Seventy years ago today, September 10, 1939, Canada declared war on Nazi Germany. The declaration issued out of a special session of parliament nine days after the Nazi invasion of Poland and one week after Britain and France declared war on Germany. Later during the Second World War, there were further declarations of war against Fascist Italy and Japan. Those declarations of war, beginning with the one 70 years ago, marked an important marker in Canada’s achievement of sovereignty.

During the First World War, when Britain went to war against Germany in August 1914, there was no Canadian declaration of war. It was automatic. Canada as a dominion in the British Empire was at war when Britain was at war. Since the Second World War, there have been no further Canadian declarations of war. When the government of Louis St. Laurent took the country into the Korean War, his government simply announced that Canada would participate in what it called the “police action” in that country.

On Afghanistan, there have been two votes in the House of Commons, neither of them declarations of war, one in May 2006 that extended Canada’s mission there by two years and a second one in March 2008 that pledged that Canadian troops would stay in Kandahar until 2011.

With little thought of the potential consequences, the Chretien government declared in October 2001 that Canada would participate in Operation Apollo, the codename — derived from the U.S. moon landing project — for the mission of Canadian military units in support of the U.S. invasion of Afghanistan.

The current Afghan conflict has dragged on for nearly eight years. Before that a military struggle for control of the country was being waged by the Taliban government against the Northern Alliance. And before that, there were armed struggles among elements of the Mujahideen. And earlier still, there was the war of the Mujahideen, funded by the U.S., Saudi Arabia, Egypt and China, against the pro-Soviet regime in Kabul, and the Soviet Union’s occupying army.

To date, 129 Canadian soldiers have died in Afghanistan, the most recent on September 6 were Maj. Yannick Pepin, 36, and Cpl. Jean-Francois Drouin, 21, killed in an armoured vehicle by a roadside bomb. Coalition fatalities now stand at 1374, of which the U.S. share is 821 and the British total 213. Despite the participation of a long list of NATO countries in the conflict, just under 85 per cent of the casualties have been suffered by Canada, the U.S. and Britain. On a per capita basis, the Canadian toll has been the heaviest.

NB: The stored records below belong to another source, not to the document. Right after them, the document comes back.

(* Let $N\in\{2,3\}$. If $z\in C^2(\mathbb{R})$ satisfies $$-z''(t)+(N-4)z'(t)+(2N-4)z(t)=\frac{N-1}{2}\,z(t)^2\qquad (t\in\mathbb{R})$$ and $\lim_{t\to-\infty}e^tz(t)=0=\lim_{t\to+\infty}e^tz(t)$, then $z\equiv0$. *)

From Stdlib Require Import Reals.
From Coquelicot Require Import Coquelicot.
Open Scope R_scope.

Definition C2 (z : R -> R) : Prop :=
  (forall t, ex_derive z t) /\
  (forall t, ex_derive (Derive z) t) /\
  (forall t, continuous (Derive (Derive z)) t).

(* Along a solution, W = e^{2t} (-z' + (n-2) z) and
   U = -e^{-(n-2)t} (z' + 2z) are nondecreasing, and the decay of e^t z at -oo
   (resp. +oo) forces W >= 0 (resp. U <= 0): otherwise e^t z would be driven
   exponentially to -oo.  Hence z >= 0, |z'| <= 2z, and V = e^{-(n-2)t} z is
   nonincreasing with V' = -e^{-nt} W.  Integrating W' = (n-1)/2 e^{(2n-2)t} V^2
   over [t-1, t] gives W >= k e^{(2n-2)t} V^2 with k = (1 - e^{-2})/4, so V obeys
   the Riccati inequality V' <= -k e^{(n-2)t} V^2 and 1/V grows at least like
   k \int e^{(n-2)t}.  For n = 2 this growth is unbounded into the past, which
   forces V = 0.  For n = 3 it only bounds z; then the energy
   Q = e^t (3z'^2 + 2zz' - 6z^2 + 2z^3), nonincreasing with
   Q' = -e^t (z'^2 + 2z^2) and dominated by a multiple of e^t z, vanishes at both
   ends, hence identically, and so does z. *)

From Stdlib Require Import Reals Lra Psatz.
From Coquelicot Require Import Coquelicot.
Open Scope R_scope.

Lemma exp_le_exp x y : x <= y -> exp x <= exp y.
Proof.
intros [Hlt | ->]; [left; apply exp_increasing, Hlt | apply Rle_refl].
Qed.

Lemma exp_plus_eq a b c : a + b = c -> exp a * exp b = exp c.
Proof. intros <-; symmetry; apply exp_plus. Qed.

Lemma derive_nonneg_le (f df : R -> R) a b : a <= b ->
  (forall x, a <= x <= b -> is_derive f x (df x)) ->
  (forall x, a <= x <= b -> 0 <= df x) -> f a <= f b.
Proof.
intros Hab Hd Hpos.
destruct (MVT_gen f a b df) as [c [Hc Hmvt]];
  rewrite ?Rmin_left, ?Rmax_right in * by lra.
- intros x Hx; apply Hd; lra.
- intros x Hx; apply continuity_pt_filterlim, (ex_derive_continuous (V := R_NormedModule)).
  eexists; apply Hd; lra.
- assert (0 <= df c) by (apply Hpos; lra). nra.
Qed.

Lemma derive_le_sub_le (f g df dg : R -> R) a b : a <= b ->
  (forall x, a <= x <= b -> is_derive f x (df x)) ->
  (forall x, a <= x <= b -> is_derive g x (dg x)) ->
  (forall x, a <= x <= b -> df x <= dg x) -> f b - f a <= g b - g a.
Proof.
intros Hab Hf Hg Hle.
enough (g a - f a <= g b - f b) by lra.
apply (derive_nonneg_le (fun x => g x - f x) (fun x => dg x - df x)); [lra | |].
- intros x Hx; apply (is_derive_minus g f); auto.
- intros x Hx; specialize (Hle x Hx); lra.
Qed.

Lemma derive_nonpos_le (f df : R -> R) a b : a <= b ->
  (forall x, is_derive f x (df x)) -> (forall x, df x <= 0) -> f b <= f a.
Proof.
intros Hab Hd Hneg.
enough (f b - f a <= 0 - 0) by lra.
apply (derive_le_sub_le f (fun _ => 0) df (fun _ => 0)); auto.
intros; auto_derive; reflexivity.
Qed.

Lemma is_lim_m_infty_opp (f : R -> R) l :
  is_lim f m_infty l -> is_lim (fun t => f (- t)) p_infty l.
Proof.
intros Hf. apply (is_lim_comp f (fun t => - t) p_infty l m_infty Hf).
- apply (is_lim_opp (fun t => t) p_infty p_infty), is_lim_id.
- exists 0; intros; discriminate.
Qed.

Lemma not_is_lim0_of_exp_bound (f : R -> R) (A C a b t0 : R) :
  0 <= a -> 0 < b -> 0 < C ->
  (forall t, t0 <= t -> f t <= A * exp (- a * t) - C * exp (b * t)) ->
  ~ is_lim f p_infty 0.
Proof.
intros Ha Hb HC Hbound Hlim.
apply is_lim_spec in Hlim.
destruct (Hlim (mkposreal 1 Rlt_0_1)) as [M HM]; simpl in HM.
set (q := (Rabs A + 1) / (C * b)).
assert (Hq : 0 < q) by (unfold q; pose proof (Rabs_pos A); apply Rdiv_lt_0_compat; nra).
set (t := Rabs t0 + Rabs M + 1 + q).
pose proof (Rle_abs t0); pose proof (Rle_abs M); pose proof (Rabs_pos t0); pose proof (Rabs_pos M).
assert (HCb : Rabs A + 1 <= C * b * t).
{ replace (Rabs A + 1) with (C * b * q) by (unfold q; field; lra).
  apply Rmult_le_compat_l; unfold t; nra. }
assert (Hexp1 : exp (- a * t) <= 1)
  by (rewrite <- exp_0; apply exp_le_exp; unfold t; nra).
assert (Hexp2 : 1 + b * t <= exp (b * t)) by apply exp_ineq1_le.
assert (HA : A * exp (- a * t) <= Rabs A).
{ pose proof (exp_pos (- a * t)). pose proof (Rle_abs A). pose proof (Rabs_pos A).
  apply Rle_trans with (Rabs A * exp (- a * t)); [apply Rmult_le_compat_r|]; nra. }
specialize (HM t ltac:(unfold t; lra)); specialize (Hbound t ltac:(unfold t; lra)).
rewrite Rminus_0_r in HM; apply Rabs_def2 in HM. nra.
Qed.
Definition is_metric {M : Type} (d : M -> M -> R) : Prop :=
  (forall x, d x x = 0) /\
  (forall x y, d x y = 0 -> x = y) /\
  (forall x y, d x y = d y x) /\
  (forall x y z, d x z <= d x y + d y z).

(** proper: closed balls are finite (the space is discrete) *)
Definition proper_metric {M : Type} (d : M -> M -> R) : Prop :=
  forall x (r : R), exists l : list M, forall y, d x y <= r -> In y l.

Definition left_invariant {M : Type} (mul : M -> M -> M) (d : M -> M -> R) : Prop :=
  forall g x y, d (mul g x) (mul g y) = d x y.

Definition proper_left_invariant_metric {G : Group} (d : G -> G -> R) : Prop :=
  is_metric d /\ proper_metric d /\ left_invariant (@gmul G) d.

(** * Wreath product H wr G = H^(G) x| G *)
Definition finsupp (H G : Group) : Type :=
  { f : G -> H | exists l : list G, forall x, ~ In x l -> f x = gone H }.

Lemma finsupp_mul_proof (H G : Group) (f f' : finsupp H G) (g : G) :
  exists l : list G, forall x, ~ In x l ->
    gmul H (proj1_sig f x) (proj1_sig f' (gmul G (ginv G g) x)) = gone H.
Proof.
  destruct f as [f [l1 H1]], f' as [f' [l2 H2]]; simpl.
  exists (l1 ++ map (gmul G g) l2). intros x Hx.
  rewrite H1, H2, gmul1l; auto.
  - intro Hin. apply Hx. apply in_or_app. right.
    replace x with (gmul G g (gmul G (ginv G g) x)).
    + apply in_map; exact Hin.
    + rewrite gassoc, gmulVr, gmul1l; reflexivity.
  - intro Hin. apply Hx. apply in_or_app. left. exact Hin.
Qed.

Definition wreath_car (H G : Group) : Type := (finsupp H G * G)%type.

(** (f,g)(f',g') = (f * (g . f'), g g'), where (g . f')(x) = f'(g^-1 x) *)
Definition wreath_mul (H G : Group) (a b : wreath_car H G) : wreath_car H G :=
  let (f, g) := a in let (f', g') := b in
  (exist _ (fun x => gmul H (proj1_sig f x) (proj1_sig f' (gmul G (ginv G g) x)))
         (finsupp_mul_proof f f' g),
   gmul G g g').

Definition wreath_proper_left_invariant_metric {H G : Group}
  (d : wreath_car H G -> wreath_car H G -> R) : Prop :=
  is_metric d /\ proper_metric d /\ left_invariant (@wreath_mul H G) d.

(** A family of metric subspaces of (M,d): a collection of subsets of M. *)
Definition family (M : Type) := (M -> Prop) -> Prop.

Definition r_disjoint {M : Type} (d : M -> M -> R) (r : R) (U : family M) : Prop :=
  forall A B x y, U A -> U B -> A <> B -> A x -> B y -> d x y > r.

Definition bounded_family {M : Type} (d : M -> M -> R) (X : family M) : Prop :=
  exists b : R, forall A, X A -> forall x y, A x -> A y -> d x y <= b.

(** X --R--> Y (indices i = 1..k use R_i) *)
Definition decomposes {M : Type} (d : M -> M -> R) (Rs : nat -> R)
  (Xf Yf : family M) : Prop :=
  exists k : nat, forall X, Xf X ->
    exists U : nat -> family M,
      (forall i, (1 <= i <= k)%nat ->
         (forall A, U i A -> Yf A /\ (forall x, A x -> X x)) /\
         r_disjoint d (Rs i) (U i)) /\
      (forall x, X x -> exists i A, (1 <= i <= k)%nat /\ U i A /\ A x).

(** The classes C_alpha, for alpha ranging in a well-ordered type (T, lt):
    C_alpha = bounded families if alpha is the least element (alpha = 0),
    otherwise families X such that for every R there are beta < alpha and
    Y in C_beta with X --R--> Y. *)
Inductive inC {M : Type} (d : M -> M -> R) {T : Type} (lt : T -> T -> Prop)
  : T -> family M -> Prop :=
| inC_zero : forall a X, (forall b, ~ lt b a) -> bounded_family d X -> inC d lt a X
| inC_step : forall a X,
    (forall Rs : nat -> R, exists b Y, lt b a /\ inC d lt b Y /\ decomposes d Rs X Y) ->
    inC d lt a X.

Definition strict_well_order {T : Type} (lt : T -> T -> Prop) : Prop :=
  well_founded lt /\
  (forall a b c, lt a b -> lt b c -> lt a c) /\
  (forall a b, lt a b \/ a = b \/ lt b a).

(** (M,d) has finite APC-decomposition complexity: it is a member of some
    family in C_alpha for some ordinal alpha (ordinals = strict well-orders). *)
Definition finite_APC {M : Type} (d : M -> M -> R) : Prop :=
  exists (T : Type) (lt : T -> T -> Prop) (a : T) (X : family M),
    strict_well_order lt /\ inC d lt a X /\ X (fun _ => True).

(** The projection [snd : H wr G -> G] is uniformly expansive, so by the fibering
    theorem for decomposition complexity it is enough to bound, uniformly, the
    complexity of preimages of bounded subsets of [G].  At a scale [R], elements within
    distance [R] of each other have lamp configurations that differ only on a translate
    [snd x * F_R] of one finite set; so the preimage of an [r]-ball around [g0] splits
    [R]-disjointly according to the lamps outside a finite window [g0 * F], and each piece
    is, after a left translation and up to bounded error, a set of configurations
    supported in [F].  Configurations supported in [x :: L] fibre over those supported in
    [L] by erasing the lamp at [x], with fibres coarsely equivalent to [H]; by induction
    on [L] they have complexity at most [T_H * |L| + a_H]. *)

From Stdlib Require Import Reals List Lra Lia Setoid ClassicalEpsilon IndefiniteDescription
  FunctionalExtensionality PropExtensionality ProofIrrelevance
  Relation_Operators Disjoint_Union Lexicographic_Product.
Open Scope R_scope.

(** * Decomposition complexity *)

Lemma decomposes_refl {M} (d : M -> M -> R) Rs (X : family M) : decomposes d Rs X X.
Proof.
  exists 1%nat. intros S HS. exists (fun _ A => A = S). split.
  - intros i _. split.
    + intros A ->. auto.
    + intros A B x y -> -> Hne. contradiction.
  - intros x Hx. exists 1%nat, S. auto.
Qed.

Lemma decomposes_pullback {M M'} (d : M -> M -> R) (d' : M' -> M' -> R) (sigma : R -> R)
  Rs (X Y : family M) (X' Y' : family M') :
  decomposes d (fun i => sigma (Rs i)) X Y ->
  (forall S', X' S' -> exists S (c : M' -> M), X S /\ (forall x, S' x -> S (c x)) /\
     (forall x y t, S' x -> S' y -> d' x y <= t -> d (c x) (c y) <= sigma t) /\
     (forall A, Y A -> Y' (fun x => S' x /\ A (c x)))) ->
  decomposes d' Rs X' Y'.
Proof.
  intros [k HD] Hpull. exists k. intros S' HS'.
  destruct (Hpull S' HS') as (S & c & HS & Hc & Hsigma & HY').
  destruct (HD S HS) as (U & HU & Hcover).
  exists (fun i P => exists A, U i A /\ P = (fun x => S' x /\ A (c x))). split.
  - intros i Hi. destruct (HU i Hi) as [HUY Hdisj]. split.
    + intros P (A & HA & ->). split; [apply HY', HUY, HA | now intros x []].
    + intros P1 P2 x y (A1 & HA1 & ->) (A2 & HA2 & ->) Hne [Sx Ax] [Sy Ay].
      assert (HA : A1 <> A2) by (intros ->; contradiction).
      pose proof (Hdisj A1 A2 (c x) (c y) HA1 HA2 HA Ax Ay).
      apply Rnot_le_lt. intros Hxy. specialize (Hsigma x y (Rs i) Sx Sy Hxy). lra.
  - intros x Sx. destruct (Hcover (c x) (Hc x Sx)) as (i & A & Hi & HA & Ax).
    exists i, (fun z => S' z /\ A (c z)). split; [exact Hi | split; [now exists A | auto]].
Qed.

Lemma decomposes_into_classes {M} (d : M -> M -> R) Rs (X Y : family M) :
  (forall S, X S -> exists E : M -> M -> Prop, Equivalence E /\
     (forall x y, S x -> S y -> d x y <= Rs 1%nat -> E x y) /\
     (forall w0, Y (fun w => S w /\ E w w0))) ->
  decomposes d Rs X Y.
Proof.
  intros Hclasses. exists 1%nat. intros S HS.
  destruct (Hclasses S HS) as (E & HE & Hclose & HY).
  exists (fun _ P => exists w0, P = (fun w => S w /\ E w w0)). split.
  - intros i Hi. replace i with 1%nat by lia. split.
    + intros P [w0 ->]. split; [apply HY | now intros w []].
    + intros P1 P2 x y [w1 ->] [w2 ->] Hne [Sx Ex] [Sy Ey].
      apply Rnot_le_lt. intros Hxy. apply Hne.
      assert (E12 : E w1 w2).
      { transitivity x; [now symmetry|]. transitivity y; auto. }
      apply functional_extensionality. intros w. apply propositional_extensionality.
      split; intros [Sw Ew]; split; auto.
      * transitivity w1; auto.
      * transitivity w2; auto. now symmetry.
  - intros w Sw. exists 1%nat, (fun z => S z /\ E z w). repeat split; auto.
    + now exists w.
    + reflexivity.
Qed.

Year after year, despite the verbal commitment of other NATO countries to the cause, the proportion of NATO deaths experienced by the “Big Three,” if we can call them that, remains almost exactly the same.

In truth, commitment to the NATO mission in Afghanistan is low in almost all NATO countries. In Canada, the U.S. and Britain relatively few people believe that the West will succeed in the conflict. An EKOS poll taken in July 2009, revealed that 54 per cent of Canadians opposed the country’s participation in the war in Afghanistan, while only 34 per cent were in support.

During the Second World War, despite important internal divisions over crucial issues such as conscription, and despite the vastly higher level of casualties, Canadians remained committed to the conflict, believing their own futures were vitally tied up with the outcome of the war.

While huge efforts have been made by the Harper government to convince Canadians that the war in Afghanistan is our first line of defence against terrorism directed at us, Canadians just don’t believe this. Unlike the Second World War, during which the causes of human freedom and a better world remained intact until the end, the Afghan war has cheapened and tarnished the values to which Canadians are committed.

Repeatedly, it has been indisputably clear that the government in Kabul to which we are allied is brutal, corrupt, tied to war lords, and drug dealers, and is not committed to a vision of human rights, women’s rights in particular, that is remotely congruent with our own. The recent presidential election in Afghanistan was rife with fraud. Some will respond that we should not try to impose our values on the people of Afghanistan or their government. I agree with that. But I see no reason why we should put our soldiers in harm’s way and spend billions of dollars in a conflict where the cause has little or nothing to do with the kind of world to which we aspire and in which our national interests are not at stake.

While Canada has claimed to be rebuilding Afghanistan, 90 per cent of the billions we have spent there has been on the military side of the mission.

Although the Second World War was many things — a transition to a new system of global power with the United States and the Soviet Union at the helm, a proving ground for the atomic bomb, a laboratory for industrial genocide — for Canadians and the other peoples of the allied powers, it was a war to halt the Nazis and fascists from imposing their racial and authoritarian doctrines on the world.

The war in Afghanistan is not about freedom and human rights. For the West, it is a conflict to shore up a border region in the American Empire, the kind of war the Romans fought on the Scottish border, or to hold back the barbarians on the frontiers of Gaul or in the Balkans. It is the kind of war, the British fought in many places, including Afghanistan, when they ran a global empire.

Canadians don’t belong in this fight.